6. Creating competition vs predation indicators...


In [58]:
# 7. Temporal analysis for Investigation A
print("7. Creating temporal features...")

if 'time' in df2_clean.columns:
    df2_clean['hour'] = df2_clean['time'].dt.hour
    df2_clean['day_of_week'] = df2_clean['time'].dt.dayofweek
    df2_clean['is_night'] = ((df2_clean['hour'] >= 18) | (df2_clean['hour'] <= 6)).astype(int)
    df2_clean['date'] = df2_clean['time'].dt.date
    
    # Peak foraging times when predator encounters are more likely
    df2_clean['peak_foraging_time'] = ((df2_clean['hour'] >= 19) & (df2_clean['hour'] <= 23)).astype(int)


7. Creating temporal features...


In [59]:
# 8. PREDATOR AVOIDANCE patterns
print("8. Analyzing predator avoidance patterns...")

# Periods with rats but low bat activity = potential avoidance
if all(col in df2_clean.columns for col in ['rat_present', 'bat_landing_number']):
    median_bat_activity = df2_clean['bat_landing_number'].median()
    
    df2_clean['potential_avoidance'] = (
        (df2_clean['rat_present'] == 1) &
        (df2_clean['bat_landing_number'] < median_bat_activity)
    ).astype(int)
    
    # High avoidance: rats present but very low bat activity
    low_activity_threshold = df2_clean['bat_landing_number'].quantile(0.25)
    df2_clean['strong_avoidance'] = (
        (df2_clean['rat_present'] == 1) &
        (df2_clean['bat_landing_number'] <= low_activity_threshold)
    ).astype(int)


8. Analyzing predator avoidance patterns...


In [60]:
# 9. Create Investigation A summary metrics
print("9. Creating Investigation A summary indicators...")

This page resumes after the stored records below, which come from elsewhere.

(* Consider an instance of the bicriteria asymmetric traveling salesman problem (bi-ATSP) with tour set $\mathcal{C}$, vector criterion $D=(D_1,D_2)$, outcome set $\mathcal{D}=D(\mathcal{C})$, and $\mathcal{D}_i=D_i(\mathcal{C})$ for $i=1,2$. Suppose that $$P(\mathcal{D}) = \bigcup_{i=1}^p \{ (y_1, y_2): y_2 = a_i - k y_1,\ y_1 \in \mathcal{D}_1,\ y_2 \in \mathcal{D}_2 \},$$ where $a_1,\dots,a_p>0$ and $k>0$ are constants. If criterion $D_1$ is more important than criterion $D_2$ with coefficient of relative importance $\theta'$ and $\theta' \geqslant k/(k+1)$ (and $\hat P(\mathcal{D})$ is the reduced Pareto set with $i=1$, $j=2$, $\theta=\theta'$), or criterion $D_2$ is more important than criterion $D_1$ with coefficient of relative importance $\theta''$ and $\theta'' \geqslant 1/(k+1)$ (and $\hat P(\mathcal{D})$ is the reduced Pareto set with $i=2$, $j=1$, $\theta=\theta''$), then $|\hat{P}(\mathcal{D})| \leqslant p$.
   Context: Bi-ATSP: given a complete directed graph $G=(V,E)$ on $n$ vertices, each arc $e\in E$ carries a weight vector $d(e)=(d_1(e),d_2(e))$ of positive numbers. $\mathcal{C}$ is the set of all $(n-1)!$ Hamiltonian circuits (tours) of $G$, and for a tour $C$, $D(C)=(D_1(C),D_2(C))$ with $D_j(C)=\sum_{e\in C} d_j(e)$. For vectors $y^*,y$, write $y^*\leq y$ if $y^*\neq y$ and $y^*_s\leqslant y_s$ for every coordinate $s$ (Pareto relation). For a vector criterion $F$ on $\mathcal{C}$, the set of pareto-optimal tours is $P_F(\mathcal{C})=\{C\in\mathcal{C}: \nexists C^*\in\mathcal{C},\ F(C^* )\leq F(C)\}$. The Pareto set is $P(\mathcal{D})=\{y\in\mathcal{D}: \nexists y^*\in\mathcal{D},\ y^*\leq y\}$. Reduced Pareto set: if criterion $D_i$ is declared more important than criterion $D_j$ ($\{i,j\}=\{1,2\}$) with coefficient of relative importance $\theta\in(0,1)$, define the new criterion $\hat D$ by $\hat D_j=\theta D_i+(1-\theta)D_j$ and $\hat D_i=D_i$, and set $\hat{P}(\mathcal{D})=D(P_{\hat D}(\mathcal{C}))$ (a subset of $P(\mathcal{D})$). *)

From HB Require Import structures.
From mathcomp Require Import all_boot all_order all_algebra all_fingroup.
Set Implicit Arguments. Unset Strict Implicit. Unset Printing Implicit Defensive.
Import Order.TTheory GRing.Theory Num.Theory.
Local Open Scope ring_scope.

Section BiATSP.
Variables (R : realFieldType) (n : nat).

(* A Hamiltonian circuit of the complete digraph on 'I_n is encoded by its
   successor permutation s: the tour uses the arcs (v, s v).  s is a tour
   iff it is a single cycle through all vertices without loops. *)
Definition is_tour (s : {perm 'I_n}) : bool :=
  [forall v, porbit s v == [set: 'I_n]] && [forall v, s v != v].

Definition tour_weight (d : 'I_n -> 'I_n -> R) (s : {perm 'I_n}) : R :=
  \sum_(v : 'I_n) d v (s v).

Definition pdom (y' y : R * R) : bool :=
  [&& y' != y, y'.1 <= y.1 & y'.2 <= y.2].

Definition pareto_tours (F : {perm 'I_n} -> R * R) : pred {perm 'I_n} :=
  [pred C | is_tour C && ~~ [exists C', is_tour C' && pdom (F C') (F C)]].

Definition outcome (F : {perm 'I_n} -> R * R) (y : R * R) : Prop :=
  exists2 C, is_tour C & F C = y.

Definition pareto_set (F : {perm 'I_n} -> R * R) (y : R * R) : Prop :=
  outcome F y /\ ~ (exists y', outcome F y' /\ pdom y' y).

(* The image F'(S) of a set S of tours, as a duplicate-free list;
   its size is the cardinality. *)
Definition image_of (F' : {perm 'I_n} -> R * R) (S : pred {perm 'I_n}) : seq (R * R) :=
  undup [seq F' C | C <- enum S].

Definition critD (d1 d2 : 'I_n -> 'I_n -> R) (C : {perm 'I_n}) : R * R :=
  (tour_weight d1 C, tour_weight d2 C).

(* D_1 more important than D_2 with coefficient theta. *)
Definition hatD12 d1 d2 (theta : R) (C : {perm 'I_n}) : R * R :=
  (tour_weight d1 C, theta * tour_weight d1 C + (1 - theta) * tour_weight d2 C).

(* D_2 more important than D_1 with coefficient theta. *)
Definition hatD21 d1 d2 (theta : R) (C : {perm 'I_n}) : R * R :=
  (theta * tour_weight d2 C + (1 - theta) * tour_weight d1 C, tour_weight d2 C).

Definition reduced12 d1 d2 theta : seq (R * R) :=
  image_of (critD d1 d2) (pareto_tours (hatD12 d1 d2 theta)).
Definition reduced21 d1 d2 theta : seq (R * R) :=
  image_of (critD d1 d2) (pareto_tours (hatD21 d1 d2 theta)).

End BiATSP.

From HB Require Import structures.
From mathcomp Require Import all_boot all_order all_algebra all_fingroup.
From mathcomp Require Import lra.
Set Implicit Arguments. Unset Strict Implicit. Unset Printing Implicit Defensive.
Import Order.TTheory GRing.Theory Num.Theory.
Local Open Scope ring_scope.

(* The reduced criterion is [g \o D] for a linear map [g] that preserves the
   Pareto relation, so every reduced-Pareto tour is Pareto and its outcome lies
   on one of the p lines y2 = a_i - k y1.  Moving along such a line changes the
   second coordinate of [hat12 th y] by (th (k + 1) - k) times the change of the
   first one, so for th >= k / (k + 1) any two distinct points of the line have
   comparable images (symmetrically for [hat21] and th >= 1 / (k + 1)).  Hence
   each line carries at most one reduced-Pareto outcome. *)

Lemma uniq_leq_card_classes (T : eqType) (I : finType) (L : I -> pred T)
    (s : seq T) :
  uniq s -> (forall y, y \in s -> exists i, y \in L i) ->
  {in s &, forall y y' i, y \in L i -> y' \in L i -> y = y'} ->
  (size s <= #|I|)%N.
Proof.
case: s => [//|y0 s] us cover single.
have [i0 _] := cover y0 (mem_head _ _).
pose f y := odflt i0 [pick i | y \in L i].
have fP y : y \in y0 :: s -> y \in L (f y).
  rewrite /f; case: pickP => [//|none] /cover [i]; by rewrite none.
have f_inj : {in y0 :: s &, injective f}.
  by move=> y y' ys y's fyy'; apply: single (fP y ys) _; rewrite // fyy' fP.
rewrite -(size_map f) -(card_uniqP _); last by rewrite map_inj_in_uniq.
exact: max_card.
Qed.

Section ReducedPareto.
Variables (R : realFieldType) (n : nat) (F : {perm 'I_n} -> R * R).

Lemma pareto_tour_outcome (C : {perm 'I_n}) :
  pareto_tours F C -> pareto_set F (F C).
Proof.
case/andP=> tC /existsPn noC; split; first by exists C.
by case=> _ [[C' tC' <-]] dom; have := noC C'; rewrite tC' dom.
Qed.

Lemma pareto_tours_comp (g : R * R -> R * R) (C : {perm 'I_n}) :
  {homo g : y' y / pdom y' y} ->
  pareto_tours (g \o F) C -> pareto_tours F C.
Proof.
move=> g_homo /andP[tC /existsPn noC]; apply/andP; split=> //.
apply/existsPn=> C'; apply: contraNN (noC C') => /andP[tC' dom].
by rewrite tC' g_homo.
Qed.

Lemma pareto_tours_undominated (G : {perm 'I_n} -> R * R)
    (C C' : {perm 'I_n}) :
  is_tour C -> pareto_tours G C' -> ~~ pdom (G C) (G C').
Proof.
by move=> tC /andP[_ /existsPn /(_ C)]; rewrite tC.
Qed.

Lemma size_image_pareto_tours_comp (I : finType) (L : I -> pred (R * R))
    (g : R * R -> R * R) :
  {homo g : y' y / pdom y' y} ->
  (forall y, pareto_set F y -> exists i, y \in L i) ->
  (forall i y y', y \in L i -> y' \in L i -> y != y' ->
     pdom (g y) (g y') || pdom (g y') (g y)) ->
  (size (image_of F (pareto_tours (g \o F))) <= #|I|)%N.
Proof.
move=> g_homo cover chain.
have memP y : y \in image_of F (pareto_tours (g \o F)) ->
    exists2 C, pareto_tours (g \o F) C & F C = y.
  by rewrite mem_undup => /mapP[C]; rewrite mem_enum => PC ->; exists C.
apply: uniq_leq_card_classes; first exact: undup_uniq.
  move=> y /memP[C PC <-]; apply/cover/pareto_tour_outcome.
  exact: pareto_tours_comp PC.
move=> y y' /memP[C PC <-] /memP[C' PC' <-] i Li Li'.
apply/eqP/contraT => /(chain i _ _ Li Li').
have /andP[tC _] := PC; have /andP[tC' _] := PC'.
by rewrite (negPf (pareto_tours_undominated tC PC'))
           (negPf (pareto_tours_undominated tC' PC)).
Qed.

End ReducedPareto.

Section ImportanceMaps.
Variable R : realFieldType.
Implicit Types (th k a : R) (y : R * R).

Definition hat12 th y : R * R := (y.1, th * y.1 + (1 - th) * y.2).
Definition hat21 th y : R * R := (th * y.2 + (1 - th) * y.1, y.2).

Lemma pdomE (y' y : R * R) :
  pdom y' y =
  [&& ~~ ((y'.1 == y.1) && (y'.2 == y.2)), y'.1 <= y.1 & y'.2 <= y.2].
Proof. by case: y' y => [? ?] [? ?]; rewrite /pdom xpair_eqE. Qed.

Lemma pdom_or_of_le y y' : y != y' ->
  (y.1 <= y'.1) && (y.2 <= y'.2) || (y'.1 <= y.1) && (y'.2 <= y.2) ->
  pdom y y' || pdom y' y.
Proof. by move=> ne; rewrite /pdom ne eq_sym ne. Qed.

Lemma hat12_homo th : 0 <= th < 1 -> {homo hat12 th : y' y / pdom y' y}.
Proof.
move=> /andP[th0 th1] [x1 x2] [z1 z2].
rewrite !pdomE /= => /and3P[ne le1 le2].
have nz : 1 - th != 0 by rewrite subr_eq0 gt_eqF.
apply/and3P; split=> //; last by nra.
apply: contra ne => /andP[/eqP e1 /eqP]; rewrite e1 => /addrI/(mulfI nz) ->.
by rewrite !eqxx.
Qed.

Lemma hat21_homo th : 0 <= th < 1 -> {homo hat21 th : y' y / pdom y' y}.
Proof.
move=> /andP[th0 th1] [x1 x2] [z1 z2].
rewrite !pdomE /= => /and3P[ne le1 le2].
have nz : 1 - th != 0 by rewrite subr_eq0 gt_eqF.
apply/and3P; split=> //; last by nra.
apply: contra ne => /andP[/eqP + /eqP e2]; rewrite e2 => /addrI/(mulfI nz) ->.
by rewrite !eqxx.
Qed.

Lemma hat12_total_on_line th k a y y' : k <= th * (k + 1) ->
  y.2 = a - k * y.1 -> y'.2 = a - k * y'.1 -> y != y' ->
  pdom (hat12 th y) (hat12 th y') || pdom (hat12 th y') (hat12 th y).
Proof.
case: y y' => [x1 x2] [z1 z2] hth /= -> -> ne.
have ne1 : x1 != z1 by apply: contra ne => /eqP <-.
apply: pdom_or_of_le; rewrite /hat12 /=.
  by rewrite xpair_eqE negb_and ne1.
have [le|lt] := leP x1 z1.
- by apply/orP; left; nra.
- by rewrite (ltW lt) /=; nra.
Qed.

Lemma hat21_total_on_line th k a y y' : 0 < k -> 1 <= th * (k + 1) ->
  y.2 = a - k * y.1 -> y'.2 = a - k * y'.1 -> y != y' ->
  pdom (hat21 th y) (hat21 th y') || pdom (hat21 th y') (hat21 th y).
Proof.
case: y y' => [x1 x2] [z1 z2] k0 hth /= -> -> ne.
have ne1 : x1 != z1 by apply: contra ne => /eqP <-.
apply: pdom_or_of_le; rewrite /hat21 /=.
  rewrite xpair_eqE negb_and orbC; apply/orP; left.
  by apply: contra ne1 => /eqP e; apply/eqP; nra.
have [le|lt] := leP x1 z1.
- by apply/orP; right; apply/andP; split; nra.
- by apply/orP; left; apply/andP; split; nra.
Qed.

End ImportanceMaps.

Theorem corollary1 (R : realFieldType) (n : nat)
  (d1 d2 : 'I_n -> 'I_n -> R)
  (hd1 : forall u v : 'I_n, u != v -> 0 < d1 u v)
  (hd2 : forall u v : 'I_n, u != v -> 0 < d2 u v)
  (p : nat) (a : 'I_p -> R) (k : R)
  (ha : forall i, 0 < a i) (hk : 0 < k)
  (hP : forall y : R * R,
      pareto_set (critD d1 d2) y <->
      exists i : 'I_p,
        [/\ y.2 = a i - k * y.1,
            (exists2 C, is_tour C & tour_weight d1 C = y.1) &
            (exists2 C, is_tour C & tour_weight d2 C = y.2)]) :
  (forall theta' : R, 0 < theta' < 1 -> k / (k + 1) <= theta' ->
     (size (reduced12 d1 d2 theta') <= p)%N) /\
  (forall theta'' : R, 0 < theta'' < 1 -> 1 / (k + 1) <= theta'' ->
     (size (reduced21 d1 d2 theta'') <= p)%N).
Proof.
pose line i := [pred y : R * R | y.2 == a i - k * y.1].
have cover y : pareto_set (critD d1 d2) y -> exists i, y \in line i.
  by case/hP=> i [e _ _]; exists i; rewrite inE e.
have k1 : 0 < k + 1 by lra.
split=> th /andP[th0 th1]; rewrite ler_pdivrMr // -[p]card_ord => hth.
- apply: (size_image_pareto_tours_comp (g := hat12 th) _ cover).
    by apply: hat12_homo; rewrite ltW.
  move=> i y y'; rewrite !inE => /eqP e /eqP e'.
  exact: hat12_total_on_line hth e e'.
- apply: (size_image_pareto_tours_comp (g := hat21 th) _ cover).
    by apply: hat21_homo; rewrite ltW.
  move=> i y y'; rewrite !inE => /eqP e /eqP e'.
  exact: hat21_total_on_line hk hth e e'.
Qed.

# Predator-prey interaction intensity score
interaction_factors = []

if 'predator_pressure' in df2_clean.columns:
    pressure_score = df2_clean['predator_pressure'].map({'none': 0, 'minimal': 1, 'moderate': 2, 'high': 3})
    pressure_score = pd.to_numeric(pressure_score, errors='coerce').fillna(0)  # Convert to numeric
    interaction_factors.append(pressure_score / 3)  # normalize

if 'bat_activity_level' in df2_clean.columns:
    activity_score = df2_clean['bat_activity_level'].map({'low': 0, 'moderate': 1, 'high': 2, 'very_high': 3})
    activity_score = pd.to_numeric(activity_score, errors='coerce').fillna(0)  # Convert to numeric
    interaction_factors.append(activity_score / 3)  # normalize

if interaction_factors:
    df2_clean['interaction_intensity'] = np.mean(interaction_factors, axis=0)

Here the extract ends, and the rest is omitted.